27/NEML-28: İzheb bi kitâbî hâzâ fe elkıh ileyhim summe tevelle anhum fenzur mâzâ yerciûn(yerciûne). (Meâlleri Kıyasla)

Bu yazımı (mektubumu) götür, böylece onlara (onu) at (ulaştır). Sonra onlardan (geri) dön, neye dönecekler (ne cevap verecekler) bak!

 

27/NEML-29: Kâlet yâ eyyuhel meleu innî ulkıye ileyye kitâbun kerîm(kerîmun). (Meâlleri Kıyasla)

(Sebe Melikesi): “Ey ileri gelenler! Gerçekten bana kerim (kıymetli) bir yazı (mektup) bırakıldı.” dedi.

 

27/NEML-30: İnnehu min suleymâne ve innehu bismillâhir rahmânir rahîm(rahîmi). (Meâlleri Kıyasla)

Muhakkak ki o Süleyman (A.S)’dan. Ve gerçekten o, Rahmân ve Rahîm olan Allah’ın adı’yla (başlıyor).

 

27/NEML-31: Ellâ ta’lû aleyye ve’tûnî muslimîn(muslimîne). (Meâlleri Kıyasla)

Bana karşı büyüklük taslamayın. Ve bana teslim olmak üzere gelin.

 

27/NEML-32: Kâlet yâ eyyuhel meleu eftûnî fî emrî, mâ kuntu kâtıaten emren hattâ teşhedûn(teşhedûni). (Meâlleri Kıyasla)

(Sebe Melikesi): “Ey ileri gelenler! İşimde bana fetva verin (reyinizi bildirin). Siz şahitlik etmedikçe (yanımda bulunup fetva vermedikçe) ben kat’i (kesin) emir verecek değilim.” dedi.

 

27/NEML-33: Kâlû nahnu ûlû kuvvetin ve ûlû be’sin şedîdin vel emru ileyki fenzurî mâzâ te’murîn(te’murîne). (Meâlleri Kıyasla)

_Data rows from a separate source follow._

(* Consider the pairing urn model: an urn initially contains $k=k(n)$ red balls and $n-k$ white balls; at each step one red ball is removed and then a second ball is chosen uniformly at random among the balls remaining in the urn and removed; the process continues until no red ball is left. Let $R_i$ be the number of red balls removed during the first $i$ steps and $T:=\inf\{i\ge0:(k-R_i)/(n-2i)<1/2\}$. If $k(n)=X_0n+o_{\mathbb{P}}(n)$ for some $0<X_0<1$, then with high probability $T<n/2$.
   Context: ''With high probability'' means with probability $1-o(1)$ as $n\to\infty$; $X_n=o_{\mathbb{P}}(n)$ means $X_n/n\to0$ in probability. *)

From Stdlib Require Import Reals.
Open Scope R_scope.

(* State (after i steps): m = n - 2i balls remain, of
   which r are red.  One step (only possible when r >= 1 and m >= 2):
   a red ball is removed, then a second ball is chosen uniformly among the
   m - 1 remaining balls and removed; it is red with probability
   (r-1)/(m-1) (new state (r-2, m-2)) and white with probability
   (m-r)/(m-1) (new state (r-1, m-2)).

   [hitp m r] is the probability, starting from state (r red, m total) at
   some time i with m = n - 2i, that the process reaches (at the current
   or a later step i' of the process, necessarily with n - 2i' > 0) a state
   with r'/m' < 1/2, i.e. 2 r' < m'.  A state with m = 0 corresponds to i = n/2,
   which is not < n/2.  A state (r,m) = (1,1) cannot hit and the process
   cannot make a further full step with i < n/2. *)
Fixpoint hitp (m : nat) (r : nat) : R :=
  match m with
  | O => 0
  | S m1 =>
      if Nat.ltb (2 * r) (S m1) then 1
      else match m1 with
           | O => 0
           | S m2 =>
               ((INR r - 1) / INR (S m2)) * hitp m2 (r - 2)
               + ((INR (S (S m2)) - INR r) / INR (S m2)) * hitp m2 (r - 1)
           end
  end.

Definition urn_T_lt_half (n k : nat) : R := hitp n k.

(* Mass that the law mu_n of k(n) (a distribution on {0,...,n}) puts on
   { k : |k - X0 n| > eps n }. *)
Definition dev_mass (mu : nat -> nat -> R) (X0 eps : R) (n : nat) : R :=
  sum_f_R0 (fun k => if Rlt_dec (eps * INR n) (Rabs (INR k - X0 * INR n))
                     then mu n k else 0) n.

(* With w = m - r white balls among m, the quantity W = w (w - 1) / (m - 1)
   is a martingale of the urn, and each step changes it by at most 2, so its
   conditional variance per step is at most 1.  If the red fraction never
   drops below 1/2, the whites never outnumber the reds and the process stops
   with at most one white ball left, where W = 0.  Hence
   P(no hit) * W_0^2 <= E (W_end - W_0)^2 <= n, and since W_0 is of order
   (1 - X0)^2 n when k is close to X0 n, P(no hit) = O(1/n).  Averaging over
   the law of k, which concentrates near X0 n, gives the claim. *)

From Stdlib Require Import Reals Lra Lia.
Open Scope R_scope.

Lemma nat_ind2 (P : nat -> Prop) :
  P 0%nat -> P 1%nat -> (forall m, P m -> P (S (S m))) -> forall m, P m.
Proof.
  intros H0 H1 HS m.
  enough (P m /\ P (S m)) by tauto.
  induction m as [|m [IH IH1]]; auto.
Qed.

Lemma div_lt_iff a b c : 0 < b -> (a / b < c <-> a < c * b).
Proof.
  intros Hb. split; intros H.
  - apply Rmult_lt_compat_r with (r := b) in H; [|exact Hb].
    now replace (a / b * b) with a in H by (field; lra).
  - apply Rmult_lt_reg_r with b; [exact Hb|].
    now replace (a / b * b) with a by (field; lra).
Qed.

Definition red_prob (m r : nat) : R := (INR r - 1) / (INR m - 1).
Definition white_prob (m r : nat) : R := (INR m - INR r) / (INR m - 1).

Lemma hitp_SS_lt m r : (2 * r < S (S m))%nat -> hitp (S (S m)) r = 1.
Proof. intros H. cbn [hitp]. apply Nat.ltb_lt in H. now rewrite H. Qed.

Lemma hitp_SS_ge m r : (S (S m) <= 2 * r)%nat ->
  hitp (S (S m)) r = red_prob (S (S m)) r * hitp m (r - 2)
                     + white_prob (S (S m)) r * hitp m (r - 1).
Proof.
  intros H. cbn [hitp]. apply Nat.ltb_ge in H. rewrite H.
  unfold red_prob, white_prob. rewrite (S_INR (S m)) at 2 4.
  now rewrite Rplus_minus_r.
Qed.

Lemma urn_step_probs m r : (2 <= m)%nat -> (1 <= r <= m)%nat ->
  0 <= red_prob m r /\ 0 <= white_prob m r /\ red_prob m r + white_prob m r = 1.
Proof.
  intros Hm [Hr1 Hrm].
  apply le_INR in Hm, Hr1, Hrm. simpl in Hm, Hr1.
  unfold red_prob, white_prob.
  repeat split; [apply Rle_mult_inv_pos; lra .. | field; lra].
Qed.

(* States with more red balls than balls are unreachable; there the weights of
   the recursion are not probabilities, so they are treated separately. *)
Lemma hitp_zero_of_lt m r : (m < r)%nat -> hitp m r = 0.
Proof.
  revert r. induction m as [| |m IH] using nat_ind2; intros r Hr.
  - reflexivity.
  - cbn [hitp]. replace (Nat.ltb (2 * r) 1) with false by (symmetry; apply Nat.ltb_ge; lia).
    reflexivity.
  - rewrite hitp_SS_ge by lia. rewrite !IH by lia. ring.
Qed.

Lemma hitp_bounds m r : 0 <= hitp m r <= 1.
Proof.
  revert r. induction m as [| |m IH] using nat_ind2; intros r.
  - simpl; lra.
  - cbn [hitp]. destruct (Nat.ltb _ _); lra.
  - destruct (Nat.lt_ge_cases (2 * r) (S (S m))) as [Hhit|Hstep].
    { rewrite hitp_SS_lt by exact Hhit. lra. }
    destruct (Nat.le_gt_cases r (S (S m))) as [Hr|Hr].
    2: { rewrite hitp_zero_of_lt by exact Hr. lra. }
    rewrite hitp_SS_ge by exact Hstep.
    destruct (urn_step_probs (S (S m)) r ltac:(lia) ltac:(lia)) as (Hp & Hq & Hpq).
    pose proof (IH (r - 2)%nat). pose proof (IH (r - 1)%nat).
    nra.
Qed.

Definition white_potential (m r : nat) : R :=
  (INR m - INR r) * (INR m - INR r - 1) / (INR m - 1).

Lemma white_potential_eq0 m r : (r <= m <= S r)%nat -> white_potential m r = 0.
Proof.
  intros Hr. unfold white_potential.
  destruct (Nat.eq_dec m r) as [->|Hne].
  - unfold Rdiv. ring.
  - replace m with (S r) by lia. rewrite S_INR. unfold Rdiv. ring.
Qed.

Lemma white_potential_martingale m r : (2 <= m)%nat -> (2 <= r)%nat ->
  white_potential (S (S m)) r =
    red_prob (S (S m)) r * white_potential m (r - 2)
    + white_prob (S (S m)) r * white_potential m (r - 1).
Proof.
  intros Hm Hr.
  unfold white_potential, red_prob, white_prob.
  rewrite !minus_INR by lia. rewrite !S_INR.
  apply le_INR in Hm. simpl in Hm |- *.
  field; lra.
Qed.

Lemma white_potential_increment m r : (2 <= m)%nat -> (2 <= r <= S m)%nat ->
  (white_potential m (r - 2) - white_potential m (r - 1)) ^ 2 <= 4.
Proof.
  intros Hm [Hr2 Hrm].
  unfold white_potential. rewrite !minus_INR by lia.
  apply le_INR in Hm, Hr2, Hrm. rewrite S_INR in Hrm.
  replace (INR 2) with 2 in * by (simpl; ring). replace (INR 1) with 1 by reflexivity.
  set (x := INR m) in *. set (y := INR r) in *.
  set (z := (x + 1 - y) / (x - 1)).
  replace ((x - (y - 2)) * (x - (y - 2) - 1) / (x - 1)
           - (x - (y - 1)) * (x - (y - 1) - 1) / (x - 1)) with (2 * z)
    by (unfold z; field; lra).
  assert (Hz : 0 <= z <= 1).
  { unfold z. split.
    - apply Rle_mult_inv_pos; lra.
    - apply Rmult_le_reg_r with (x - 1); [lra|].
      unfold Rdiv. rewrite Rmult_assoc, Rinv_l by lra. lra. }
  nra.
Qed.

Lemma mix_moment_step p q W1 W2 h1 h2 a s :
  0 <= p -> 0 <= q -> p + q = 1 -> (W1 - W2) ^ 2 <= 4 ->
  (1 - h1) * a ^ 2 <= (W1 - a) ^ 2 + s ->
  (1 - h2) * a ^ 2 <= (W2 - a) ^ 2 + s ->
  (1 - (p * h1 + q * h2)) * a ^ 2 <= (p * W1 + q * W2 - a) ^ 2 + s + 1.
Proof.
  intros Hp Hq Hpq HW I1 I2.
  assert (Hvar : p * (W1 - a) ^ 2 + q * (W2 - a) ^ 2
                 = (p * W1 + q * W2 - a) ^ 2 + p * q * (W1 - W2) ^ 2).
  { replace q with (1 - p) by lra. ring. }
  assert (Hpq4 : p * q <= 1 / 4).
  { replace q with (1 - p) by lra. pose proof (pow2_ge_0 (p - 1 / 2)). nra. }
  assert (p * q * (W1 - W2) ^ 2 <= 1).
  { pose proof (pow2_ge_0 (W1 - W2)). pose proof (Rmult_le_pos p q Hp Hq). nra. }
  replace ((1 - (p * h1 + q * h2)) * a ^ 2)
    with (p * ((1 - h1) * a ^ 2) + q * ((1 - h2) * a ^ 2))
    by (replace q with (1 - p) by lra; ring).
  pose proof (Rmult_le_compat_l p _ _ Hp I1).
  pose proof (Rmult_le_compat_l q _ _ Hq I2).
  nra.
Qed.

(* The target [a] is kept free so that the induction hypothesis applies to the
   successor states; [a := white_potential m r] then gives the tail bound. *)
Lemma nonhit_moment_bound a m r : (r <= m)%nat ->
  (1 - hitp m r) * a ^ 2 <= (white_potential m r - a) ^ 2 + INR m.
Proof.
  assert (Hflat : forall m r, white_potential m r = 0 ->
            (1 - hitp m r) * a ^ 2 <= (white_potential m r - a) ^ 2 + INR m).
  { intros m' r' ->. pose proof (hitp_bounds m' r'). pose proof (pos_INR m').
    pose proof (pow2_ge_0 a). nra. }
  revert r. induction m as [| |m IH] using nat_ind2; intros r Hr.
  - apply Hflat, white_potential_eq0; lia.
  - apply Hflat, white_potential_eq0; lia.
  - destruct (Nat.le_gt_cases (S (S m)) (S r)) as [Hfull|Hwhites].
    { apply Hflat, white_potential_eq0; lia. }
    destruct (Nat.lt_ge_cases (2 * r) (S (S m))) as [Hhit|Hstep].
    { rewrite hitp_SS_lt by exact Hhit. pose proof (pos_INR (S (S m))).
      pose proof (pow2_ge_0 (white_potential (S (S m)) r - a)). nra. }
    rewrite hitp_SS_ge, white_potential_martingale by lia.
    destruct (urn_step_probs (S (S m)) r ltac:(lia) ltac:(lia)) as (Hp & Hq & Hpq).
    rewrite !S_INR.
    pose proof (mix_moment_step _ _ _ _ _ _ a (INR m) Hp Hq Hpq
                  (white_potential_increment m r ltac:(lia) ltac:(lia))
                  (IH (r - 2)%nat ltac:(lia)) (IH (r - 1)%nat ltac:(lia))).
    lra.
Qed.

Lemma white_potential_lower m r b : 2 <= b <= INR m - INR r ->
  b ^ 2 / (2 * INR m) <= white_potential m r.
Proof.
  intros Hb. pose proof (pos_INR r) as Hr.
  unfold white_potential.
  set (x := INR m) in *. set (w := x - INR r).
  assert (Hw : b * (b / 2) <= w * (w - 1)) by (unfold w; nra).
  replace (b ^ 2 / (2 * x)) with (b * (b / 2) / x) by (field; lra).
  apply Rle_trans with (w * (w - 1) / x).
  - apply Rmult_le_compat_r; [apply Rlt_le, Rinv_0_lt_compat; lra | exact Hw].
  - apply Rmult_le_compat_l; [unfold w; nra |].
    apply Rinv_le_contravar; lra.
Qed.

Lemma nonhit_bound m r b : (r <= m)%nat -> 2 <= b <= INR m - INR r ->
  1 - hitp m r <= 4 * INR m ^ 3 / b ^ 4.
Proof.
  intros Hr Hb.
  pose proof (nonhit_moment_bound (white_potential m r) m r Hr) as Hmom.
  rewrite Rminus_diag, pow_ne_zero, Rplus_0_l in Hmom by lia.
  pose proof (white_potential_lower m r b Hb) as Hlow.
  pose proof (pos_INR r).
  assert (Hlow_pos : 0 < b ^ 2 / (2 * INR m)).
  { apply Rdiv_lt_0_compat; [apply pow_lt|]; lra. }
  destruct (hitp_bounds m r) as [_ Hh1].
  assert (Hsq : (b ^ 2 / (2 * INR m)) ^ 2 <= white_potential m r ^ 2)
    by (apply pow_incr; lra).
  replace (4 * INR m ^ 3 / b ^ 4) with (INR m / (b ^ 2 / (2 * INR m)) ^ 2)
    by (field; lra).
  apply Rmult_le_reg_r with ((b ^ 2 / (2 * INR m)) ^ 2); [apply pow_lt; lra|].
  replace (INR m / (b ^ 2 / (2 * INR m)) ^ 2 * (b ^ 2 / (2 * INR m)) ^ 2)
    with (INR m) by (field; lra).
  nra.
Qed.

Lemma mean_hit_bounds (mu : nat -> nat -> R) X0 c t n :
  (forall k, 0 <= mu n k) -> sum_f_R0 (mu n) n = 1 -> 0 <= t ->
  (forall k, (k <= n)%nat -> Rabs (INR k - X0 * INR n) <= c * INR n ->
     1 - hitp n k <= t) ->
  1 - dev_mass mu X0 c n - t
    <= sum_f_R0 (fun k => mu n k * urn_T_lt_half n k) n <= 1.
Proof.
  intros Hmu Hsum Ht Hgood. unfold urn_T_lt_half. split.
  - assert (Hsplit : dev_mass mu X0 c n + t = sum_f_R0 (fun k =>
        (if Rlt_dec (c * INR n) (Rabs (INR k - X0 * INR n)) then mu n k else 0)
        + mu n k * t) n).
    { rewrite plus_sum, <- scal_sum, Hsum. unfold dev_mass. ring. }
    enough (1 - sum_f_R0 (fun k => mu n k * hitp n k) n <= dev_mass mu X0 c n + t)
      by lra.
    rewrite Hsplit, <- Hsum at 1. rewrite <- minus_sum. apply sum_Rle.
    intros k Hk. pose proof (Hmu k). destruct (hitp_bounds n k).
    destruct (Rlt_dec _ _) as [_|Hnear].
    + nra.
    + pose proof (Hgood k Hk (Rnot_lt_le _ _ Hnear)). nra.
  - rewrite <- Hsum. apply sum_Rle. intros k _.
    pose proof (Hmu k). destruct (hitp_bounds n k). nra.
Qed.

Theorem lemma6 (X0 : R) (mu : nat -> nat -> R) :
  0 < X0 < 1 ->
  (forall n k, 0 <= mu n k) ->
  (forall n, sum_f_R0 (mu n) n = 1) ->
  (forall eps, 0 < eps -> Un_cv (dev_mass mu X0 eps) 0) ->
  Un_cv (fun n => sum_f_R0 (fun k => mu n k * urn_T_lt_half n k) n) 1.
Proof.
  intros HX Hmu Hsum Hdev eps Heps.
  set (c := (1 - X0) / 2).
  assert (Hc : 0 < c) by (unfold c; lra).
  destruct (Hdev c Hc (eps / 2) ltac:(lra)) as [N1 HN1].
  destruct (INR_unbounded (Rmax (2 / c) (8 / (c ^ 4 * eps)))) as [N2 HN2].
  exists (Nat.max N1 N2). intros n HnN.
  assert (Hbig : Rmax (2 / c) (8 / (c ^ 4 * eps)) < INR n)
    by (apply Rlt_le_trans with (INR N2); [lra | apply le_INR; lia]).
  apply Rmax_Rlt in Hbig as [Hcn Heps_n].
  assert (Hc4 : 0 < c ^ 4) by (apply pow_lt; lra).
  apply div_lt_iff in Hcn; [|exact Hc].
  apply div_lt_iff in Heps_n; [|nra].
  assert (Hn : 0 < INR n) by nra.
  set (t := 4 * INR n ^ 3 / (c * INR n) ^ 4).
  assert (Ht : 0 <= t < eps / 2).
  { replace t with (4 / (c ^ 4 * INR n)) by (unfold t; field; lra).
    split; [apply Rlt_le, Rdiv_lt_0_compat|apply div_lt_iff]; nra. }
  assert (Hnear : forall k, (k <= n)%nat -> Rabs (INR k - X0 * INR n) <= c * INR n ->
                    1 - hitp n k <= t).
  { intros k Hk Hdist. apply nonhit_bound; [exact Hk|].
    pose proof (Rle_abs (INR k - X0 * INR n)). unfold c in *. lra. }
  destruct (mean_hit_bounds mu X0 c t n (Hmu n) (Hsum n) (proj1 Ht) Hnear) as [Hlow Hup].
  specialize (HN1 n ltac:(lia)). unfold R_dist in HN1 |- *.
  rewrite Rminus_0_r in HN1. apply Rabs_def2 in HN1 as [Hdev_n _].
  apply Rabs_def1; lra.
Qed.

“Biz kuvvetli ve çok büyük savaş gücü sahibiyiz. Ve emir senindir. Öyleyse sen bak (karar ver), ne emir vereceksin?” dediler.

 

27/NEML-34: Kâlet innel mulûke izâ dehalû karyeten efsedûhâ ve cealû eizzete ehlihâ ezilleh(ezilleten), ve kezâlike yef’alûn(yef’alûne). (Meâlleri Kıyasla)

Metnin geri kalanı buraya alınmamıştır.